Dataset records

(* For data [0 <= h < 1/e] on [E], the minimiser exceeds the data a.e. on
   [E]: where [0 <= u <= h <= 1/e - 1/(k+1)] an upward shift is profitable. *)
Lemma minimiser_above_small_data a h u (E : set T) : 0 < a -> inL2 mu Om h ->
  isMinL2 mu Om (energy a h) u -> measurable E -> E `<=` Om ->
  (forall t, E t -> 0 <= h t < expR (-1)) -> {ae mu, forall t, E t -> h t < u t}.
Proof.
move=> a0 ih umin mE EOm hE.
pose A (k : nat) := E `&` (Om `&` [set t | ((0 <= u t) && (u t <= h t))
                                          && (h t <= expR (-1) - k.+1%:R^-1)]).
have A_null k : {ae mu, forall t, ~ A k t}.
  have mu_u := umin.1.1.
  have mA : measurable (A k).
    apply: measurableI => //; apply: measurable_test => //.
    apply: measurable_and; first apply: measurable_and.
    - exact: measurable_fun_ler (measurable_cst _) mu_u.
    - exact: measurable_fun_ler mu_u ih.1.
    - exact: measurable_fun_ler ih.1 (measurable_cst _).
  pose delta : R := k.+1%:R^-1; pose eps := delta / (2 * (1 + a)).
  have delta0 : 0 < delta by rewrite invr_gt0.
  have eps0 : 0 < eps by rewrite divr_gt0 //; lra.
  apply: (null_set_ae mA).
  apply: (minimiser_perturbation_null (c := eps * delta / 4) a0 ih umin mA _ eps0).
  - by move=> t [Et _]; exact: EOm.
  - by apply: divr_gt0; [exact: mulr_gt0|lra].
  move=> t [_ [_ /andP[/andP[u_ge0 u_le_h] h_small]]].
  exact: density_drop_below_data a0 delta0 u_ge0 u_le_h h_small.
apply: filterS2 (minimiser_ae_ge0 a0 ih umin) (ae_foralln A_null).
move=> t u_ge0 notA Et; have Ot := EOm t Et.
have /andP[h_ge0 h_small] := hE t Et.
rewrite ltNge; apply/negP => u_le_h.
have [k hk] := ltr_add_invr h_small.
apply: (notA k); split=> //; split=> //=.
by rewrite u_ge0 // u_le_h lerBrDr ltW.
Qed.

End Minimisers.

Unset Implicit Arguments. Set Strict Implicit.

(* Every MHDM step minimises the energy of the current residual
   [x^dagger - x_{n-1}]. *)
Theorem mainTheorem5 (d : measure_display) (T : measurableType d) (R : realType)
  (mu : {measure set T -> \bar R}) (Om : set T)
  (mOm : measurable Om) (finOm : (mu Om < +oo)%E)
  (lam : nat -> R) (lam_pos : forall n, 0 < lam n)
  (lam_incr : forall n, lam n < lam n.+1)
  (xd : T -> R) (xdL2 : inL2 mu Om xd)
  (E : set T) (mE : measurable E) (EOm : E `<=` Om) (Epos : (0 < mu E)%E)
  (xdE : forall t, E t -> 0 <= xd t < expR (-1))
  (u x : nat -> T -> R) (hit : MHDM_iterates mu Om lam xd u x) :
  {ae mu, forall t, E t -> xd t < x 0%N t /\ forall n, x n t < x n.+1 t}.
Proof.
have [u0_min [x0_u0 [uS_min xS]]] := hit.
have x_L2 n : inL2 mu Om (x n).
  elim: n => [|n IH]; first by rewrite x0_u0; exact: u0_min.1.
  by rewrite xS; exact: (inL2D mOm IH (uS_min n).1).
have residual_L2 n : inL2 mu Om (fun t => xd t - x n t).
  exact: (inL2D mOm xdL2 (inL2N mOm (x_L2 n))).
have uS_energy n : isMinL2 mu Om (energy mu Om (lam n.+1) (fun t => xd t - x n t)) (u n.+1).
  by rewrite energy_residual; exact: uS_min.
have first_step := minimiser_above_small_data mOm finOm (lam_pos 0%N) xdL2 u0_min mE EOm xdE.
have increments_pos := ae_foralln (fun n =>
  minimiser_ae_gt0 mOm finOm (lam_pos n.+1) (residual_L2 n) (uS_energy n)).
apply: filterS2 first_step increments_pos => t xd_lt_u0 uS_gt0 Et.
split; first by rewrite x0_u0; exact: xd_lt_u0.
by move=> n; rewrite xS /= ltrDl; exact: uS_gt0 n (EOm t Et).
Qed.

What is being asked
Work out how many lines in the records above include the string "umin", and provide that figure with no other text.

Solution to this task
4